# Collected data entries
<<<<
Lemma ltn_pdiv_sqr m p : 1 < m %/ pdiv m -> m %/ pdiv m < p -> m < p * p.
Proof.
move=> gt1_s lt_sp; rewrite -{1}(pdiv_mul_div m).
have le_qs : pdiv m <= m %/ pdiv m by rewrite pdiv_min_dvd ?dvdn_div ?pdiv_dvd.
exact: leq_ltn_trans (leq_mul le_qs (leqnn _)) (ltn_mul lt_sp lt_sp).
Qed.

Lemma pred_mul_leq_pexp p m b :
  1 < p -> p < m -> m < p * p -> p ^ b <= m * p -> p.-1 * m <= (p ^ b).-1 ->
  b = 2 /\ m = p.+1.
Proof.
move=> gt1_p lt_pm lt_m_pp le_pb le_count.
have lt_b3 : b < 3.
  rewrite -(ltn_exp2l _ _ gt1_p); apply: leq_ltn_trans le_pb _.
  by rewrite !expnS expn0 muln1 mulnC ltn_pmul2l // ltnW.
move: le_count; case: b lt_b3 {le_pb} => [|[|[|]]] // _.
all: rewrite ?expnS ?expn0 ?muln1; nia.
Qed.

Local Open Scope group_scope.

Section GroupFacts.
Variable gT : finGroupType.
Implicit Types A G H K L P Q Z : {group gT}.

Lemma mstar_gt G H K :
  H \subset G -> K \subset 'C_G(H) -> (#|G| < #|H| * #|K| -> #|G| < mstar G)%N.
Proof.
move=> sHG sKC lt_GHK; apply: leq_trans lt_GHK (leq_trans _ (leq_bigmax_cond _ sHG)).
by rewrite /mCD leq_mul2l subset_leq_card ?orbT.
Qed.

Lemma not_CD_simple G : (#|G| < mstar G)%N -> ~ CD_simple G.
Proof.
move=> lt_G_mstar CDsimpleG.
have : 1%G \in CDlattice G by rewrite CDsimpleG !inE eqxx.
rewrite inE => /andP[_ /eqP]; rewrite /mCD cards1 mul1n cent1T setIT => eq_G_mstar.
by rewrite eq_G_mstar ltnn in lt_G_mstar.
Qed.

Lemma card_fixedpoint_free_mod (p : nat) P L :
  p.-group P -> P \subset 'N(L) -> 'C_L(P) = 1 -> #|L| = 1 %[mod p].
Proof.
move=> pP nLP cLP; have actsP : [acts P, on L | 'J] by rewrite astabsJ.
by rewrite (pgroup_fix_mod pP actsP) afixJ cLP cards1.
Qed.

Lemma fixedpoint_free_abelian (p : nat) P K :
  prime p -> p.-group P -> P \subset 'N(K) -> 'C_K(P) = 1 ->
  (#|K| %/ pdiv #|K| < p)%N -> abelian K.
Proof.
move=> p_pr pP nKP cKP lt_sp.
have invariant_full L : L \subset K -> P \subset 'N(L) -> (1 < #|L|)%N -> #|L| = #|K|.
  move=> sLK nLP gt1_L; apply: dvdn_modn1_eq lt_sp (cardSg sLK) gt1_L _ => //.
  have cLP : 'C_L(P) = 1 by apply/trivgP; rewrite -cKP setSI.
  by rewrite (card_fixedpoint_free_mod pP nLP cLP) modn_small ?prime_gt1.
have [-> | ntK] := eqVneq K 1%G; first exact: abelian1.
have coKP : coprime #|K| #|P|.
  rewrite (p'nat_coprime _ pP) // p'natE // /dvdn.
  by rewrite (card_fixedpoint_free_mod pP nKP cKP) modn_small ?prime_gt1.
set q := pdiv #|K|.
have [R sylR nRP] := sol_coprime_Sylow_exists q (pgroup_sol pP) nKP coKP.
have gt1_K : (1 < #|K|)%N by rewrite cardG_gt1.
have eqRK : R :=: K.
  apply/eqP; rewrite eqEcard (pHall_sub sylR).
  rewrite (invariant_full R) ?(pHall_sub sylR) ?leqnn //.
  by rewrite (card_Hall sylR) p_part_gt1 pi_pdiv.
have qK : q.-group K by rewrite -eqRK (pHall_pgroup sylR).
have ntZK : 'Z(K) != 1 by rewrite center_nil_eq1 ?(pgroup_nil qK).
have nZP : P \subset 'N('Z(K)) := subset_trans nKP (char_norms (center_char K)).
apply/center_idP/eqP.
by rewrite eqEcard center_sub (invariant_full 'Z(K)) ?center_sub ?cardG_gt1 ?leqnn.
Qed.

Lemma normedTI_prime G L Z :
  prime #|Z| -> L \subset G -> L \subset 'N(Z) -> 'N_G(Z) \subset L ->
  normedTI Z^# G L.
Proof.
move=> Z_pr sLG nZL sNL; apply/normedTI_memJ_P; split=> //.
  by rewrite setD_eq0 subG1 -cardG_gt1 prime_gt1.
move=> a g /setD1P[nt_a Za] Gg; apply/idP/idP=> [/setD1P[nt_ag Zag] | Lg].
  have meetZ : Z :&: Z :^ g != 1.
    by apply/trivgPn; exists (a ^ g); rewrite // inE Zag memJ_conjg.
  have eqZg : Z :^ g = Z.
    by apply/eqP; rewrite eq_sym eqEcard prime_meetG // cardJg leqnn.
  by apply: (subsetP sNL); rewrite inE Gg; apply/normP.
by rewrite !inE conjg_eq1 nt_a memJ_norm ?(subsetP nZL) //=.
Qed.

Lemma Frobenius_selfnormalizing_prime G P :
  prime #|P| -> P \proper G -> 'N_G(P) = P -> [Frobenius G with complement P].
Proof.
move=> P_pr ltPG eqNP; apply/andP; split; first by rewrite (proper_neq ltPG).
by apply: normedTI_prime; rewrite ?normG ?eqNP ?(proper_sub ltPG).
Qed.

Lemma index_cent_dvdn_totient G Z :
  cyclic Z -> G \subset 'N(Z) -> #|G : 'C_G(Z)| %| totient #|Z|.
Proof.
move=> cycZ nZG; rewrite -card_Aut_cyclic //.
have := cardSg (Aut_conj_aut Z G).
by rewrite card_morphim ker_conj_aut /= (setIidPr nZG) indexgI.
Qed.

Lemma normedTI_no_involution G L Z A y :
  normedTI Z^# G L -> odd #|L| -> abelian A -> G \subset 'N(A) -> Z \subset A ->
  A^# \subset class_support Z^# G -> y \in G -> #[y] = 2 -> False.
Proof.
move=> tiZ oddL cAA nAG sZA sAZG Gy oy.
have [ntZ1 _ memJ] := normedTI_memJ_P tiZ.
have notL h : h \in L -> #[h] = 2 -> False.
  by move=> Lh oh; have := order_dvdG Lh; rewrite oh dvdn2 oddL.
have yy : y * y = 1 by rewrite -expg2 -oy expg_order.
have [z Z1z] := set0Pn _ ntZ1; have [ntz Zz] := setD1P Z1z.
have Az := subsetP sZA z Zz.
have Azy : z ^ y \in A by rewrite memJ_norm ?(subsetP nAG).
(* [z * z ^ y] is centralized by [y]: either it is 1 and [y] inverts [z], or it
   lies in a conjugate of [Z^#]; both put a conjugate of [y] in [L]. *)
set c := z * z ^ y.
have fix_c : c ^ y = c.
  by rewrite conjMg -conjgM yy conjg1 (centsP cAA _ Azy _ Az).
have [c1 | ntc] := eqVneq c 1.
  apply: (notL y) => //; rewrite -(memJ z) //.
  by rewrite -(mulg1_eq c1) !inE invg_eq1 ntz groupV.
have /(subsetP sAZG) : c \in A^# by rewrite !inE ntc (groupM Az Azy).
rewrite class_supportEr => /bigcupP[g Gg]; rewrite mem_conjg => Z1w.
apply: (notL (y ^ g^-1)); last by rewrite orderJ.
by rewrite -(memJ (c ^ g^-1)) ?groupJ ?groupV // -conjJg fix_c.
Qed.

Lemma Sylow_meet_index (p : nat) G P Q :
  prime p -> p.-Sylow(G) P -> p.-Sylow(G) Q -> P != Q -> (#|G : P| < p * p)%N ->
  #|Q : P :&: Q| = p.
Proof.
move=> p_pr sylP sylQ neqPQ lt_iP.
have oPQ : #|P| = #|Q| by rewrite (card_Hall sylP) (card_Hall sylQ).
have le_index : (#|Q : P :&: Q| <= #|G : P|)%N.
  rewrite -(leq_pmul2l (cardG_gt0 P)) (Lagrange (pHall_sub sylP)).
  have eq_PQ : (#|P| * #|Q : P :&: Q| = #|(P * Q)%g|)%N.
    apply/eqP; rewrite -(eqn_pmul2r (cardG_gt0 (P :&: Q))) -mul_cardG.
    by rewrite -mulnA mulnC (mulnC _ #|_ :&: _|) (Lagrange (subsetIr P Q)) mulnC.
  by rewrite eq_PQ subset_leq_card ?mul_subG ?(pHall_sub sylP) ?(pHall_sub sylQ).
have [e oe] := p_natP (pnat_dvd (dvdn_indexg Q (P :&: Q)) (pHall_pgroup sylQ)).
case: e oe le_index => [|[|e]] oe le_index; rewrite ?oe ?expn1 //.
  move/eqP: oe; rewrite indexg_eq1 subsetI subxx andbT => sQP.
  by case/eqP: neqPQ; apply/val_inj/eqP; rewrite /= eq_sym eqEcard sQP oPQ leqnn.
by have := leq_ltn_trans le_index lt_iP; rewrite oe mulnn ltn_exp2l ?prime_gt1.
Qed.

Lemma card_Syl_eq (p m : nat) H P :
  prime p -> (0 < m)%N -> (m %/ pdiv m < p)%N -> p.-Sylow(H) P -> #|H : P| %| m ->
  (1 < #|'Syl_p(H)|)%N -> #|'Syl_p(H)| = m.
Proof.
move=> p_pr m_gt0 lt_sp sylP dv_iP gt1_Syl.
apply: dvdn_modn1_eq lt_sp _ gt1_Syl (card_Syl_mod H p_pr) => //.
have sPN : P \subset 'N_H(P) by rewrite subsetI (pHall_sub sylP) normG.
rewrite (card_Syl sylP); apply: dvdn_trans dv_iP.
by rewrite -(Lagrange_index (subsetIl H 'N(P)) sPN) dvdn_mulr.
Qed.

End GroupFacts.

Section SylowOfSmallIndex.
Variables (gT : finGroupType) (G P : {group gT}) (p m : nat).
Hypotheses (p_pr : prime p) (sylP : p.-Sylow(G) P) (ntP : P :!=: 1).
Hypotheses (iP : #|G : P| = m) (gt1_s : (1 < m %/ pdiv m)%N).
Hypotheses (lt_sp : (m %/ pdiv m < p)%N) (lt_pm : (p < m)%N).

Local Notation Z := 'Z(P).

Let sPG : P \subset G := pHall_sub sylP.
Let pP : p.-group P := pHall_pgroup sylP.
Let m_gt0 : (0 < m)%N := ltn_trans (prime_gt0 p_pr) lt_pm.
Let oG : #|G| = (#|P| * m)%N. Proof. by rewrite -iP Lagrange. Qed.
Let sZG : Z \subset G := subset_trans (center_sub P) sPG.
Let sPCZ : P \subset 'C_G(Z). Proof. by rewrite subsetI sPG centsC subsetIr. Qed.

Lemma mstar_gt_center_nonprime : #|Z| != p -> (#|G| < mstar G)%N.
Proof.
move=> Z_neq_p; apply: (mstar_gt sZG sPCZ); rewrite oG mulnC ltn_pmul2r //.
have ntZ : Z != 1 by rewrite center_nil_eq1 ?(pgroup_nil pP).
have [[|[|a]] oZ] := p_natP (pgroupS (center_sub P) pP).
- by rewrite -cardG_gt1 oZ in ntZ.
- by rewrite oZ expn1 eqxx in Z_neq_p.
apply: leq_trans (ltn_pdiv_sqr gt1_s lt_sp) _.
by rewrite oZ mulnn leq_pexp2l ?prime_gt0.
Qed.

Lemma mstar_gt_centralizer : #|Z| = p -> 'C_G(Z) != P -> (#|G| < mstar G)%N.
Proof.
move=> oZ neqCP; apply: (mstar_gt sZG (subxx _)).
have sCG : 'C_G(Z) \subset G := subsetIl _ _.
have dv_index : #|'C_G(Z) : P| %| m.
  by rewrite -iP -(Lagrange_index sCG sPCZ) dvdn_mull.
have gt1_index : (1 < #|'C_G(Z) : P|)%N.
  rewrite ltn_neqAle indexg_gt0 andbT eq_sym indexg_eq1.
  by apply: contra neqCP => sCP; rewrite eqEsubset sCP sPCZ.
rewrite oZ -(Lagrange sPCZ) oG mulnCA ltn_pmul2l ?cardG_gt0 //.
by apply: leq_trans (ltn_mul_pdiv lt_sp) _; rewrite leq_mul2l pdiv_min_dvd ?orbT.
Qed.

Lemma Sylow_not_normal : #|Z| = p -> 'C_G(Z) = P -> ~~ (G \subset 'N(P)).
Proof.
move=> oZ eqCP; apply/negP => nPG.
have nZG : G \subset 'N(Z) := subset_trans nPG (char_norms (center_char P)).
have cycZ : cyclic Z by rewrite prime_cyclic ?oZ.
have := index_cent_dvdn_totient cycZ nZG.
rewrite oZ eqCP iP totient_prime // => dv_m.
have p1_gt0 : (0 < p.-1)%N by rewrite -subn1 subn_gt0 prime_gt1.
have := leq_ltn_trans (dvdn_leq p1_gt0 dv_m) (leq_ltn_trans (leq_pred p) lt_pm).
by rewrite ltnn.
Qed.

Lemma card_Syl_selfnormalizing : ~~ (G \subset 'N(P)) ->
  #|'Syl_p(G)| = m /\ 'N_G(P) = P.
Proof.
move=> not_nPG; have sPN : P \subset 'N_G(P) by rewrite subsetI sPG normG.
have nSyl : #|'Syl_p(G)| = m.
  apply: card_Syl_eq sylP _ _ => //; first by rewrite iP.
  rewrite (card_Syl sylP) ltn_neqAle indexg_gt0 andbT eq_sym indexg_eq1.
  by apply: contra not_nPG => /subsetIP[].
split=> //; apply/eqP; rewrite eqEsubset sPN andbT -indexg_eq1.
have := Lagrange_index (subsetIl G 'N(P)) sPN.
rewrite -(card_Syl sylP) nSyl iP -{2}(muln1 m) => /eqP.
by rewrite eqn_pmul2l.
Qed.

Lemma norm_center_sub : 'C_G(Z) = P -> 'N_G(P) = P -> 'N_G(Z) \subset P.
Proof.
move=> eqCP eqNP; rewrite -{2}eqNP subsetI subsetIl -{2}eqCP.
rewrite normsI ?(subset_trans (subsetIl G _) (normG G)) //.
exact: subset_trans (subsetIr G _) (cent_norm Z).
Qed.

Lemma mstar_gt_prime_Sylow : #|P| = p -> 'N_G(P) = P -> (#|G| < mstar G)%N.
Proof.
move=> oP eqNP.
have ltPG : P \proper G.
  by rewrite properEcard sPG oG ltn_Pmulr ?cardG_gt0 ?(ltn_trans (prime_gt1 p_pr)).
have P_pr : prime #|P| by rewrite oP.
have frobP := Frobenius_selfnormalizing_prime P_pr ltPG eqNP.
have [K frobK] := vcharacter.Frobenius_kernel_exists frobP.
have [defG _ _ _ _] := Frobenius_context frobK.
have [nsKG _ _ nKP _] := sdprod_context defG.
have oK : #|K| = m.
  by apply/eqP; rewrite -(eqn_pmul2r (cardG_gt0 P)) (sdprod_card defG) oG mulnC.
have cKK : abelian K.
  apply: fixedpoint_free_abelian p_pr pP nKP (Frobenius_trivg_cent frobK) _.
  by rewrite oK.
have sKG := normal_sub nsKG.
apply: (mstar_gt sKG (_ : K \subset 'C_G(K))); first by rewrite subsetI sKG.
by rewrite oG oK oP ltn_pmul2r.
Qed.

Lemma normal_Sylow_meet : #|'Syl_p(G)| = m ->
  exists D : {group gT}, [/\ D <| G, D \subset P & #|P : D| = p].
Proof.
move=> nSyl; have [Q sylQ neqQP] : exists2 Q : {group gT}, p.-Sylow(G) Q & Q != P.
  have PSyl : P \in 'Syl_p(G) by rewrite inE sylP.
  move: nSyl; rewrite (cardsD1 P) PSyl add1n => nSyl.
  have : (0 < #|'Syl_p(G) :\ P|)%N.
    by rewrite -ltnS nSyl (ltn_trans (prime_gt1 p_pr) lt_pm).
  by case/card_gt0P => Q /setD1P[neqQP]; rewrite inE; exists Q.
have sQG := pHall_sub sylQ.
set D := (P :&: Q)%G.
have lt_iP : (#|G : P| < p * p)%N by rewrite iP ltn_pdiv_sqr.
have iDQ : #|Q : D| = p by apply: Sylow_meet_index lt_iP; rewrite // eq_sym.
have iDP : #|P : D| = p.
  have oPQ : #|P| = #|Q| by rewrite (card_Hall sylP) (card_Hall sylQ).
  by rewrite -(divgS (subsetIl P Q)) oPQ divgS ?subsetIr.
have nsDP : D <| P.
  by apply: (p_maximal_normal pP); rewrite p_index_maximal ?subsetIl ?iDP.
have nsDQ : D <| Q.
  apply: (p_maximal_normal (pHall_pgroup sylQ)).
  by rewrite p_index_maximal ?subsetIr ?iDQ.
set N := 'N_G(D).
have sNG : N \subset G := subsetIl _ _.
have sPN : P \subset N by rewrite subsetI sPG normal_norm.
have sQN : Q \subset N by rewrite subsetI sQG normal_norm.
have sylPN := pHall_subl sPN sNG sylP; have sylQN := pHall_subl sQN sNG sylQ.
have index_eq : (#|G : N| * #|N : P| = m)%N by rewrite (Lagrange_index sNG sPN).
have nSylN : #|'Syl_p(N)| = m.
  apply: (card_Syl_eq p_pr m_gt0 lt_sp sylPN); first by rewrite -index_eq dvdn_mull.
  have : [set P; Q] \subset 'Syl_p(N).
    by apply/subsetP => X; rewrite !inE => /orP[] /eqP ->.
  by move/subset_leq_card; rewrite cards2 eq_sym neqQP.
have le_m_index : (m <= #|N : P|)%N.
  rewrite -nSylN (card_Syl sylPN) dvdn_leq ?indexg_gt0 // indexgS //.
  by rewrite subsetI sPN normG.
have nDG : G \subset 'N(D).
  have := leq_mul (leqnn #|G : N|) le_m_index.
  rewrite index_eq -{2}(mul1n m) leq_pmul2r // => le1.
  by have /subsetIP[] : G \subset N by rewrite -indexg_eq1 eqn_leq le1 indexg_gt0.
exists D; split=> //; last exact: subsetIl.
by rewrite /normal (subset_trans (subsetIl P Q) sPG) nDG.
Qed.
>>>>
When you reach the line with "Lemma normal_Sylow_meet : #|'Syl_p(G)| = m ->" in the records above, start writing out lines exactly, and stop once the line with "move: nSyl; rewrite" has been written; include nothing else.

# RESULT OF THE TASK
Lemma normal_Sylow_meet : #|'Syl_p(G)| = m ->
  exists D : {group gT}, [/\ D <| G, D \subset P & #|P : D| = p].
Proof.
move=> nSyl; have [Q sylQ neqQP] : exists2 Q : {group gT}, p.-Sylow(G) Q & Q != P.
  have PSyl : P \in 'Syl_p(G) by rewrite inE sylP.
  move: nSyl; rewrite (cardsD1 P) PSyl add1n => nSyl.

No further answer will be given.